#### [INSTRUCTIONS TO FOLLOW]
Read through the data, and wherever a line holds the word "Lemma", write that line out.

[[ EXERCISE INPUT, beginning ]]

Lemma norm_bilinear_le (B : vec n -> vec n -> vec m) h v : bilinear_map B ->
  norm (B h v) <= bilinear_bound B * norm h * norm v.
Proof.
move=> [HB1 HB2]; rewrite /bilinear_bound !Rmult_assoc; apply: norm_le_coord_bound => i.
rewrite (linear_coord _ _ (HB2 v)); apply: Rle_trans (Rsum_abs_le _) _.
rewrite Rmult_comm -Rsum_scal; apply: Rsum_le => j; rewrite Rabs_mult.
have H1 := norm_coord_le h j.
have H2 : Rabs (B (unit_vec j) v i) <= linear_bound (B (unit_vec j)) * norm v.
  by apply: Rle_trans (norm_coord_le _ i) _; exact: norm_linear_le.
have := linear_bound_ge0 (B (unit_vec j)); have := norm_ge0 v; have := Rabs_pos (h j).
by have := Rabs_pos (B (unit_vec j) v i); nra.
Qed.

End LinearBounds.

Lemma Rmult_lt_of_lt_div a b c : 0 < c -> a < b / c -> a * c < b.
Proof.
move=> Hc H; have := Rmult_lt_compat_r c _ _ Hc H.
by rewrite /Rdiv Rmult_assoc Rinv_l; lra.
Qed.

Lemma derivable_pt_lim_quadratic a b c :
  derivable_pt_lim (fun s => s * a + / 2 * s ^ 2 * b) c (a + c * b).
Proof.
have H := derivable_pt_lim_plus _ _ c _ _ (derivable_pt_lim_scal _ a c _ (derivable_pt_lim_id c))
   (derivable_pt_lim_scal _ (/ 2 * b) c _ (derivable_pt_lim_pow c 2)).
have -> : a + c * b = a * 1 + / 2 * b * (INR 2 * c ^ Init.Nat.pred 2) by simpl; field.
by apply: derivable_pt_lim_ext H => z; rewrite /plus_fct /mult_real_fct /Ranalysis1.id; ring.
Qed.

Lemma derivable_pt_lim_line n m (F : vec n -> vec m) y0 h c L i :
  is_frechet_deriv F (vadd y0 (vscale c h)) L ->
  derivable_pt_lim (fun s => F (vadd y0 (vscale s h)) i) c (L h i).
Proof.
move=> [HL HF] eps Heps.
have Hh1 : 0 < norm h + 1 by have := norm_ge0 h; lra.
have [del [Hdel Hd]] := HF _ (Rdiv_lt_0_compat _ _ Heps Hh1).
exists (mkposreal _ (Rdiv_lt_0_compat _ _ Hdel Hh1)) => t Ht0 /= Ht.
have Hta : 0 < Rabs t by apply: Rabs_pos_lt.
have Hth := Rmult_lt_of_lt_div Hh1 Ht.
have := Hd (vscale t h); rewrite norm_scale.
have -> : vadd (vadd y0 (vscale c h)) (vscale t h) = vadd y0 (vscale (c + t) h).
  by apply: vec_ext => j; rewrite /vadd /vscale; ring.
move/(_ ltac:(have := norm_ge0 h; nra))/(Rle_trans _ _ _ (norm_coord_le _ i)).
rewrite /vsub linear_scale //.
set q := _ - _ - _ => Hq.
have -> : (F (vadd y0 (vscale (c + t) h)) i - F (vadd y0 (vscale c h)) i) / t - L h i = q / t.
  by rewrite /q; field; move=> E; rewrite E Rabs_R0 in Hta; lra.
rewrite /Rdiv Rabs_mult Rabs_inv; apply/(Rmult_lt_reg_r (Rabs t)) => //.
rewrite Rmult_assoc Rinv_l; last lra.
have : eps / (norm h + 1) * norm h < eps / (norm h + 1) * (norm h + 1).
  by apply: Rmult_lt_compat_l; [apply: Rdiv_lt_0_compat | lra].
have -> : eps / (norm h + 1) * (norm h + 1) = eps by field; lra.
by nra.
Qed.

[[ EXERCISE INPUT, end ]]

#### [OUTPUT FOR THIS EXERCISE]
Lemma norm_bilinear_le (B : vec n -> vec n -> vec m) h v : bilinear_map B ->
Lemma Rmult_lt_of_lt_div a b c : 0 < c -> a < b / c -> a * c < b.
Lemma derivable_pt_lim_quadratic a b c :
Lemma derivable_pt_lim_line n m (F : vec n -> vec m) y0 h c L i :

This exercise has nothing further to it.